Multiple Linear Regression Example

This is the standard model in many statistical problems. The data set contains several predictors and one or more responses.  The usual regression model is as follows:

y =  b0 + b1 x1 + b2 x2 + b3 x3 +...+ bP xP + Error

The regression parameters are estimated by least squares. Fitted values and residuals are obtained the usual way:

yi = b0 + b1 xi1 +...+ bp xip + ri

Example:  This example comes from Urban Housing in a US city in 1997.  The cases correspond to urban units each of the size of a neighborhood.  In each unit we observe a response that gives the increase in property taxes for the residential housing units in that neighborhood.

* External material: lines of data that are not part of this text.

Lemma hat_fuel_settled n (q : kstate A) a r : hat_fuel s n q a = Some r -> settled r a.
Proof.
elim: n q => [|n IH] q //=.
case: (kdelta q a) => [| |p q']; [by case=> <- | by case=> <- |].
case E: (is_accept _); first exact: IH.
by move=> [<-] /=; rewrite E.
Qed.

Lemma hat_deltaP (q : kstate A) a :
  (exists n, hat_fuel s n q a = Some (hat_delta s q a)) \/
  (forall n, hat_fuel s n q a = None) /\ hat_delta s q a = Reject.
Proof.
rewrite /hat_delta; case: excluded_middle_informative => [H | H].
  by left; case: constructive_indefinite_description => [[n r] /= Hn]; exists n.
right; split=> // n; case E: (hat_fuel s n q a) => [r|] //.
by case: H; exists (n, r).
Qed.

Lemma hat_delta_settled (q : kstate A) a : settled (hat_delta s q a) a.
Proof. by case: (hat_deltaP q a) => [[n /hat_fuel_settled] | [_ ->]]. Qed.

Lemma hat_iota_settled a : settled (hat_iota s A a) a.
Proof.
rewrite /hat_iota; case E: (kiota A a) => [| |p q] //.
by case Ep: (is_accept _) => //=; [exact: hat_delta_settled | rewrite Ep].
Qed.

Lemma outcome_skip p q a t : kiota (s p) a = Accept ->
  outcome (Step p q) (GS a t) <-> subst (kdelta q) (GS a t).
Proof. by move=> Hp; rewrite /= /L gconcat_lang_fromE Hp. Qed.

Lemma subst_hat_fuel n (q : kstate A) a r t : hat_fuel s n q a = Some r ->
  subst (kdelta q) (GS a t) <-> outcome r (GS a t).
Proof.
elim: n q => [|n IH] q //=; rewrite lang_substE /=.
case: (kdelta q a) => [| |p q']; [by case=> <- | by case=> <- |].
case E: (kiota (s p) a) => [| |? ?] /=; [|by case=> <- ..].
by move=> Hf; exact: iff_trans (outcome_skip _ _ E) (IH _ Hf).
Qed.

Lemma subst_hat_fuel_defined (q : kstate A) y :
  subst (kdelta q) y -> exists n r, hat_fuel s n q (ghead y) = Some r.
Proof.
move Egamma: (kdelta q) => gamma H; elim: H q Egamma => {gamma y}.
  move=> gamma a Ha q Egamma; rewrite -{}Egamma in Ha.
  by exists 1, Accept; rewrite /= Ha.
move=> gamma p q0 w v y Hg Hw _ IH Hc q Egamma; rewrite -{}Egamma in Hg.
rewrite (gcomp_head Hc); case E: (kiota (s p) (ghead w));
  [|by exists 1, (Step p q0); rewrite /= Hg E ..].
case: w Hw Hg Hc E => a [|[p' b] tw] Hw Hg Hc E /=; last first.
  by move/lang_fromE: Hw; rewrite E.
move: Hc; rewrite -[GS a [::]]/(gatom S1 a) gcomp_atoml; case: eqP => // Ea _.
have [n [r Hn]] := IH q0 erefl; rewrite -Ea in Hn.
by exists n.+1, r; rewrite /= Hg E.
Qed.

Lemma subst_hat_delta (q : kstate A) a t :
  subst (kdelta q) (GS a t) <-> outcome (hat_delta s q a) (GS a t).
Proof.
case: (hat_deltaP q a) => [[n Hn] | [Hn ->]]; first exact: subst_hat_fuel Hn.
split=> // /subst_hat_fuel_defined [n [r]].
by rewrite Hn.
Qed.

The predictors are several demographic variables describing the type unit plus four variables given expenditures in transportation and in roads.  The question is to try to asses the impact of expenditures in transportation and roads on property values.  This dataset like many other contains a number of outlier and leverage points.  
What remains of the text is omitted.